- Input:
........

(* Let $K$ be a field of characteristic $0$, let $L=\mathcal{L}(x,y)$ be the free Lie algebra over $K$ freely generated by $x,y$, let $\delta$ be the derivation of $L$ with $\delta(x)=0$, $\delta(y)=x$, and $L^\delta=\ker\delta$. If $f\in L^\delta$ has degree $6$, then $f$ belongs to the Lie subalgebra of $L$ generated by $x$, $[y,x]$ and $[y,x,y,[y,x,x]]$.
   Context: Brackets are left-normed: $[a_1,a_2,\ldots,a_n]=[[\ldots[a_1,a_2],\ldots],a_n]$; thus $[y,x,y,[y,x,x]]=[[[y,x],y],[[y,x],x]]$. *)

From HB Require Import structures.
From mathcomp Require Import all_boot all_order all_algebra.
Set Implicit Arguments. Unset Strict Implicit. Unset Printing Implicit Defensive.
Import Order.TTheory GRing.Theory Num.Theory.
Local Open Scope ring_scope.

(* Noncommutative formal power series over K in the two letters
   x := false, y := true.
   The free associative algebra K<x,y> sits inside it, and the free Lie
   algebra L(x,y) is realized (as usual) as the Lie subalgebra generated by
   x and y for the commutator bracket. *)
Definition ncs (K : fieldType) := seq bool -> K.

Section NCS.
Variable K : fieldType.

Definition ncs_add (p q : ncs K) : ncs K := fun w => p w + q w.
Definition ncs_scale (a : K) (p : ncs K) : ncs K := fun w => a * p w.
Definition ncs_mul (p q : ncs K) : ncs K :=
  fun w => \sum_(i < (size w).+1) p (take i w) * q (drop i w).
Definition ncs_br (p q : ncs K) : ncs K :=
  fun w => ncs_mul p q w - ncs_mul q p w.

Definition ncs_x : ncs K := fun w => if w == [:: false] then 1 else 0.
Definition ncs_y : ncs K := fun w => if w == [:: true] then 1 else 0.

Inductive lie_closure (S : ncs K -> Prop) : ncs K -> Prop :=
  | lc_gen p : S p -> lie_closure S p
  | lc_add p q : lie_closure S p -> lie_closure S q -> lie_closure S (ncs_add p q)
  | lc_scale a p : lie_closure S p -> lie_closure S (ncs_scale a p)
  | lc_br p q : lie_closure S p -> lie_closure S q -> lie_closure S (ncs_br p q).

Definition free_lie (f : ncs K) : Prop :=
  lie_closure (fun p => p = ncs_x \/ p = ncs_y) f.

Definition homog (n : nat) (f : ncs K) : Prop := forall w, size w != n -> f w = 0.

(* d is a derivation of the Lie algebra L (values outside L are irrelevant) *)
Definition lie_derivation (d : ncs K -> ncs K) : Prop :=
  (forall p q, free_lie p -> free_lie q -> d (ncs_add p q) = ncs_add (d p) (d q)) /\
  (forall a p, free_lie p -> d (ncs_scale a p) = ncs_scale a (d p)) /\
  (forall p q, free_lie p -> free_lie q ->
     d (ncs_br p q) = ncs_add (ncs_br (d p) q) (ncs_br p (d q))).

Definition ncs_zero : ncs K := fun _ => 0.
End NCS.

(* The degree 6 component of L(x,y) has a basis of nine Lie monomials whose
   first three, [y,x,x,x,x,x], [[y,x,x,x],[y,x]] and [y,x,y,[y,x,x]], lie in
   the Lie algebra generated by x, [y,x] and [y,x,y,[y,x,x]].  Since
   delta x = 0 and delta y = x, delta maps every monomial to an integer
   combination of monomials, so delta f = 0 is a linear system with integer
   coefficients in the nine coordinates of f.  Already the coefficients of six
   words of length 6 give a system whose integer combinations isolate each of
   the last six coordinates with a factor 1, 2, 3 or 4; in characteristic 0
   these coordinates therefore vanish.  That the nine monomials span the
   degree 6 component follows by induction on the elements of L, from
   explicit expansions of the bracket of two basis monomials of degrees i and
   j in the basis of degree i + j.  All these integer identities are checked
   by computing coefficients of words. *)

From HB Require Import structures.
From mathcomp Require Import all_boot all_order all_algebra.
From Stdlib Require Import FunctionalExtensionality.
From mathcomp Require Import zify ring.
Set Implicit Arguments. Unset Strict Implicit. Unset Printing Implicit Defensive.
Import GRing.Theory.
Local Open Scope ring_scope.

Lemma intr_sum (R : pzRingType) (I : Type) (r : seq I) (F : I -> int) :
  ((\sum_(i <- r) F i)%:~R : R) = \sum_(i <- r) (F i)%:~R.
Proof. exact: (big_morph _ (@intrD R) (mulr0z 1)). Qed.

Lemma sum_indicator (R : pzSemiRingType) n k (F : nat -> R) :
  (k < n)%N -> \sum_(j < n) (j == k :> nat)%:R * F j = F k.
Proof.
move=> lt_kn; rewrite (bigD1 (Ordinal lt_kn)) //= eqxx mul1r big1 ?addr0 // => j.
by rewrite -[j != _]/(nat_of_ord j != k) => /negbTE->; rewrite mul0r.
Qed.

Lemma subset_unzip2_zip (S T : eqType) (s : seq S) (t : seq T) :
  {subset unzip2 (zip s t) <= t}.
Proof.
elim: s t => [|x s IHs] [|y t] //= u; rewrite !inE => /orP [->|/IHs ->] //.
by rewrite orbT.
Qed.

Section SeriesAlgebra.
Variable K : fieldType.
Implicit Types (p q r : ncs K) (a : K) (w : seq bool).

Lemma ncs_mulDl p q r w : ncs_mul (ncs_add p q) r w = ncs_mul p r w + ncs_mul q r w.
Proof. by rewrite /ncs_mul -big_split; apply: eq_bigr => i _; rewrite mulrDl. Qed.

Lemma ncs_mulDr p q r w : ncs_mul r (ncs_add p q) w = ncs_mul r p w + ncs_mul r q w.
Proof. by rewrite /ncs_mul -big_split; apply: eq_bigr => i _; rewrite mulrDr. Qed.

........

- Work order:
Reproduce all of the records, keeping every character unchanged.

- Exercise answer:
(* Let $K$ be a field of characteristic $0$, let $L=\mathcal{L}(x,y)$ be the free Lie algebra over $K$ freely generated by $x,y$, let $\delta$ be the derivation of $L$ with $\delta(x)=0$, $\delta(y)=x$, and $L^\delta=\ker\delta$. If $f\in L^\delta$ has degree $6$, then $f$ belongs to the Lie subalgebra of $L$ generated by $x$, $[y,x]$ and $[y,x,y,[y,x,x]]$.
   Context: Brackets are left-normed: $[a_1,a_2,\ldots,a_n]=[[\ldots[a_1,a_2],\ldots],a_n]$; thus $[y,x,y,[y,x,x]]=[[[y,x],y],[[y,x],x]]$. *)

From HB Require Import structures.
From mathcomp Require Import all_boot all_order all_algebra.
Set Implicit Arguments. Unset Strict Implicit. Unset Printing Implicit Defensive.
Import Order.TTheory GRing.Theory Num.Theory.
Local Open Scope ring_scope.

(* Noncommutative formal power series over K in the two letters
   x := false, y := true.
   The free associative algebra K<x,y> sits inside it, and the free Lie
   algebra L(x,y) is realized (as usual) as the Lie subalgebra generated by
   x and y for the commutator bracket. *)
Definition ncs (K : fieldType) := seq bool -> K.

Section NCS.
Variable K : fieldType.

Definition ncs_add (p q : ncs K) : ncs K := fun w => p w + q w.
Definition ncs_scale (a : K) (p : ncs K) : ncs K := fun w => a * p w.
Definition ncs_mul (p q : ncs K) : ncs K :=
  fun w => \sum_(i < (size w).+1) p (take i w) * q (drop i w).
Definition ncs_br (p q : ncs K) : ncs K :=
  fun w => ncs_mul p q w - ncs_mul q p w.

Definition ncs_x : ncs K := fun w => if w == [:: false] then 1 else 0.
Definition ncs_y : ncs K := fun w => if w == [:: true] then 1 else 0.

Inductive lie_closure (S : ncs K -> Prop) : ncs K -> Prop :=
  | lc_gen p : S p -> lie_closure S p
  | lc_add p q : lie_closure S p -> lie_closure S q -> lie_closure S (ncs_add p q)
  | lc_scale a p : lie_closure S p -> lie_closure S (ncs_scale a p)
  | lc_br p q : lie_closure S p -> lie_closure S q -> lie_closure S (ncs_br p q).

Definition free_lie (f : ncs K) : Prop :=
  lie_closure (fun p => p = ncs_x \/ p = ncs_y) f.

Definition homog (n : nat) (f : ncs K) : Prop := forall w, size w != n -> f w = 0.

(* d is a derivation of the Lie algebra L (values outside L are irrelevant) *)
Definition lie_derivation (d : ncs K -> ncs K) : Prop :=
  (forall p q, free_lie p -> free_lie q -> d (ncs_add p q) = ncs_add (d p) (d q)) /\
  (forall a p, free_lie p -> d (ncs_scale a p) = ncs_scale a (d p)) /\
  (forall p q, free_lie p -> free_lie q ->
     d (ncs_br p q) = ncs_add (ncs_br (d p) q) (ncs_br p (d q))).

Definition ncs_zero : ncs K := fun _ => 0.
End NCS.

(* The degree 6 component of L(x,y) has a basis of nine Lie monomials whose
   first three, [y,x,x,x,x,x], [[y,x,x,x],[y,x]] and [y,x,y,[y,x,x]], lie in
   the Lie algebra generated by x, [y,x] and [y,x,y,[y,x,x]].  Since
   delta x = 0 and delta y = x, delta maps every monomial to an integer
   combination of monomials, so delta f = 0 is a linear system with integer
   coefficients in the nine coordinates of f.  Already the coefficients of six
   words of length 6 give a system whose integer combinations isolate each of
   the last six coordinates with a factor 1, 2, 3 or 4; in characteristic 0
   these coordinates therefore vanish.  That the nine monomials span the
   degree 6 component follows by induction on the elements of L, from
   explicit expansions of the bracket of two basis monomials of degrees i and
   j in the basis of degree i + j.  All these integer identities are checked
   by computing coefficients of words. *)

From HB Require Import structures.
From mathcomp Require Import all_boot all_order all_algebra.
From Stdlib Require Import FunctionalExtensionality.
From mathcomp Require Import zify ring.
Set Implicit Arguments. Unset Strict Implicit. Unset Printing Implicit Defensive.
Import GRing.Theory.
Local Open Scope ring_scope.

Lemma intr_sum (R : pzRingType) (I : Type) (r : seq I) (F : I -> int) :
  ((\sum_(i <- r) F i)%:~R : R) = \sum_(i <- r) (F i)%:~R.
Proof. exact: (big_morph _ (@intrD R) (mulr0z 1)). Qed.

Lemma sum_indicator (R : pzSemiRingType) n k (F : nat -> R) :
  (k < n)%N -> \sum_(j < n) (j == k :> nat)%:R * F j = F k.
Proof.
move=> lt_kn; rewrite (bigD1 (Ordinal lt_kn)) //= eqxx mul1r big1 ?addr0 // => j.
by rewrite -[j != _]/(nat_of_ord j != k) => /negbTE->; rewrite mul0r.
Qed.

Lemma subset_unzip2_zip (S T : eqType) (s : seq S) (t : seq T) :
  {subset unzip2 (zip s t) <= t}.
Proof.
elim: s t => [|x s IHs] [|y t] //= u; rewrite !inE => /orP [->|/IHs ->] //.
by rewrite orbT.
Qed.

Section SeriesAlgebra.
Variable K : fieldType.
Implicit Types (p q r : ncs K) (a : K) (w : seq bool).

Lemma ncs_mulDl p q r w : ncs_mul (ncs_add p q) r w = ncs_mul p r w + ncs_mul q r w.
Proof. by rewrite /ncs_mul -big_split; apply: eq_bigr => i _; rewrite mulrDl. Qed.

Lemma ncs_mulDr p q r w : ncs_mul r (ncs_add p q) w = ncs_mul r p w + ncs_mul r q w.
Proof. by rewrite /ncs_mul -big_split; apply: eq_bigr => i _; rewrite mulrDr. Qed.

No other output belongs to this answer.